Oldham gives two cheers for Ed Miliband

Peter KellnerPresident
May 16, 2011, 4:48 AM GMT+0

Ahead of last week’s by-election I predicted that the gap between Labour and the Liberal Democrats in the Oldham East and Saddleworth by-election would be narrower than the 17-point Labour lead reported by two opinion polls conducted a week before polling day. I argued that the history of by-elections in Labour seats suggested two things would happen: Labour would fall short of its poll numbers because of low turnout; and, with the Conservatives trailing in third place, some of their supporters would switch to the Lib Dems.

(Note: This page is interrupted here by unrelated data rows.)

Lemma limit_at_0_of_cauchy (G : R -> R) (K p : R) : 0 < p ->
  (forall x y, 0 < x -> x <= y -> y <= 1 -> Rabs (G x - G y) <= K * exp (p * ln y)) ->
  exists L, forall y, 0 < y -> y <= 1 -> Rabs (G y - L) <= K * exp (p * ln y).
Proof.
 intros Hp HG.
 set (u := fun n : nat => G (/ (INR n + 1))).
 assert (Hu : forall n m, (n <= m)%nat ->
   Rabs (u m - u n) <= K * exp (p * ln (/ (INR n + 1)))).
 { intros n m Hnm; unfold u; pose proof (inv_succ_bounds n); pose proof (inv_succ_bounds m).
   apply HG; try lra; apply inv_succ_decr; auto. }
 assert (Hc : Cauchy_crit u).
 { intros eps He; destruct (pow_small_near_0 K p eps Hp He) as [d [Hd Hsm]].
   destruct (inv_succ_small d ltac:(lra)) as [N HN].
   exists N; intros n m Hn Hm; unfold R_dist.
   destruct (Nat.le_ge_cases n m) as [Hnm|Hnm].
   - rewrite Rabs_minus_sym; eapply Rle_lt_trans; [apply Hu; auto|].
     apply Hsm; [apply inv_succ_bounds | left; apply HN; auto].
   - eapply Rle_lt_trans; [apply Hu; auto|].
     apply Hsm; [apply inv_succ_bounds | left; apply HN; auto]. }
 destruct (Rcomplete.R_complete u Hc) as [L HL].
 exists L; intros y Hy Hy1.
 apply Rnot_lt_le; intro Hlt.
 set (de := Rabs (G y - L) - K * exp (p * ln y)).
 destruct (HL de ltac:(unfold de; lra)) as [N1 HN1].
 destruct (inv_succ_small y Hy) as [N2 HN2].
 set (n := max N1 N2).
 specialize (HN1 n (Nat.le_max_l _ _)); specialize (HN2 n (Nat.le_max_r _ _)).
 unfold R_dist, u in HN1.
 assert (Hb := HG (/ (INR n + 1)) y ltac:(apply inv_succ_bounds) ltac:(lra) Hy1).
 revert HN1 Hb; unfold de; generalize (G (/ (INR n + 1))) (K * exp (p * ln y)).
 intros v k H1 H2; clear -H1 H2; split_Rabs; lra.
Qed.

Both things duly happened, and Labour won by 10 points, not 17. However, the telling thing is that Labour’s support on the day fell only slightly short of its poll rating. Debbie Abrahams won 42% of the vote, compared with polling figures of 44% (ICM) and 46% (Populus). In the past, much larger gaps have appeared between poll numbers and actual votes.

This confirms that Labour is getting better at the ‘ground war’ of elections. This was evident in a number of marginal seats in last year’s general election, and seems to have been carried through to the Oldham East and Saddleworth campaign. The Populus poll commissioned by Lord Ashworth found that Labour had matched the Lib Dems in the number of voters they had spoken to, either face-to-face or by phone.

One other piece of evidence points the same way. Last May Phil Woolas won 14,186 votes. Last week Debbie Abrahams won 14,718. The increase was only modest; but it is rare for either Labour or the Tories, when defending a seat in a by-election, to win more votes, in absolute numbers, than in the preceding general election. Normally the fall in turnout pulls their voting numbers down, even when their percentage vote increases. In their 13 years in opposition, the Conservatives NEVER managed to increase their vote in a seat they were defending.

That said, we should beware reading too much into the result. By-elections are peculiar events. And Labour did particularly badly last May, not just nationally but in Oldham East and Saddleworth. After taking account of boundary changes, Labour won 17,381 votes, and almost 43% of the vote, in 2005. That was when Labour, though winning a third term in office, secured just 36% of the vote across Britain. The joy of not quite returning to their 2005 percentage figure in a by-election now should be confined and cautious. This was a two-cheers-for-Labour result, not a three-cheers result.

If we are to look to the future, a better guide is to be found in our survey of Britain’s ‘squeezed middle’ for the Sunday Times Magazine. This shows that two-thirds of the public are ‘finding it tougher to get by than for many years’. People at every income level feel this. They include as many as 51% of those whose household income is more than £50,000 a year.

Electorally, however, the people who matter most are those at neither the top nor the bottom of the income scale. We have defined ‘squeezed middle’ as those who say they are finding it tougher to get by AND whose overall household income is £20-£50,000 a year. They comprise around one-third of all adults.

Perhaps the most striking comparisons are between those in the ‘squeezed middle’ (SM) versus those in the same household-income bracket who are NOT finding things tougher (NSM). They are demographically similar - age, number of children etc (though slightly more SMs are working, and slightly fewer retired). The biggest demographic difference is that 49% of SMs have mortgages, compared with 32% of NSMs.

These are some of the key differences.

  • Voting intention: SMs: 15% Lab lead; NSMs: 23% Con lead (total sample: 2% Lab lead)
  • Is the Government cutting spending fairly or unfairly? SMs: 33% fair, 60% unfair; NSMs. 51% fair. 37% unfair
  • Is the Government targeting middle classes? 72% of SMs agree, compared with only 46% of NSMs
  • Are ‘people like me bearing brunt of tax increases and spending cuts’? SMs: 89% agree, NSMs 46% agree.

So: there is a palpable sense among a politically crucial one-third of the electorate that they have been picked on, are suffering unfairly, are worried about the future, and are (relatively) pro-Labour. Some of them will have switched to Labour in last week’s by-election.

Whether they will switch to Labour nationally in large enough numbers in four years time to make Ed Miliband Prime Minister is another question. This depends on whether Labour can (a) pin the blame for the deepest of the coming cuts on the coalition and (b) persuade Britain’s ‘squeezed middle’ that Labour can be trusted once again to run the economy fairly and efficiently in the future. Last week’s by-election was a start for Labour as it seeks to fight back, but only a start.